[Opening Recorded information section]

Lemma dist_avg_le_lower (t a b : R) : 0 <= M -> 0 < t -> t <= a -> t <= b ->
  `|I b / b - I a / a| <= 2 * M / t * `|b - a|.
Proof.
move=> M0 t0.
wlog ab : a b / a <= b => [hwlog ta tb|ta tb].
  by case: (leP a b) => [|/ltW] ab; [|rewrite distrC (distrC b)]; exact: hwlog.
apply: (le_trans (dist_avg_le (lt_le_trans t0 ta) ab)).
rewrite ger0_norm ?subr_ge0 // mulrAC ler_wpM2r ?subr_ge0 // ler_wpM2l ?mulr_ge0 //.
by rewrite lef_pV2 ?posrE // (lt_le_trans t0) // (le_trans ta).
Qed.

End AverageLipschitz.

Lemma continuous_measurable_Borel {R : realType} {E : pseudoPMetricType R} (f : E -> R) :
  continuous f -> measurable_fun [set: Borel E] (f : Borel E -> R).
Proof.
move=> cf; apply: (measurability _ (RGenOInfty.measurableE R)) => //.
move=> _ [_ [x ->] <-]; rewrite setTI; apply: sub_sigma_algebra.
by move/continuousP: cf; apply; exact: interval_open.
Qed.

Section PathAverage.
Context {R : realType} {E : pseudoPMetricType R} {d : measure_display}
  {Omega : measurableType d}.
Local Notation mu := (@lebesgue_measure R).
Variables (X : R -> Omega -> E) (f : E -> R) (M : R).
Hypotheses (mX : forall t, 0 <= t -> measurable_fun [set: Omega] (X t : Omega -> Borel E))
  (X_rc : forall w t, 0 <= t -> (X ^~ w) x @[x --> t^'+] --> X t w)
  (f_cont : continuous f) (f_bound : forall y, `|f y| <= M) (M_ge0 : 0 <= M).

[Closing Recorded information section]

Nothing in the records above may differ in your copy; retype them in full.

Lemma dist_avg_le_lower (t a b : R) : 0 <= M -> 0 < t -> t <= a -> t <= b ->
  `|I b / b - I a / a| <= 2 * M / t * `|b - a|.
Proof.
move=> M0 t0.
wlog ab : a b / a <= b => [hwlog ta tb|ta tb].
  by case: (leP a b) => [|/ltW] ab; [|rewrite distrC (distrC b)]; exact: hwlog.
apply: (le_trans (dist_avg_le (lt_le_trans t0 ta) ab)).
rewrite ger0_norm ?subr_ge0 // mulrAC ler_wpM2r ?subr_ge0 // ler_wpM2l ?mulr_ge0 //.
by rewrite lef_pV2 ?posrE // (lt_le_trans t0) // (le_trans ta).
Qed.

End AverageLipschitz.

Lemma continuous_measurable_Borel {R : realType} {E : pseudoPMetricType R} (f : E -> R) :
  continuous f -> measurable_fun [set: Borel E] (f : Borel E -> R).
Proof.
move=> cf; apply: (measurability _ (RGenOInfty.measurableE R)) => //.
move=> _ [_ [x ->] <-]; rewrite setTI; apply: sub_sigma_algebra.
by move/continuousP: cf; apply; exact: interval_open.
Qed.

Section PathAverage.
Context {R : realType} {E : pseudoPMetricType R} {d : measure_display}
  {Omega : measurableType d}.
Local Notation mu := (@lebesgue_measure R).
Variables (X : R -> Omega -> E) (f : E -> R) (M : R).
Hypotheses (mX : forall t, 0 <= t -> measurable_fun [set: Omega] (X t : Omega -> Borel E))
  (X_rc : forall w t, 0 <= t -> (X ^~ w) x @[x --> t^'+] --> X t w)
  (f_cont : continuous f) (f_bound : forall y, `|f y| <= M) (M_ge0 : 0 <= M).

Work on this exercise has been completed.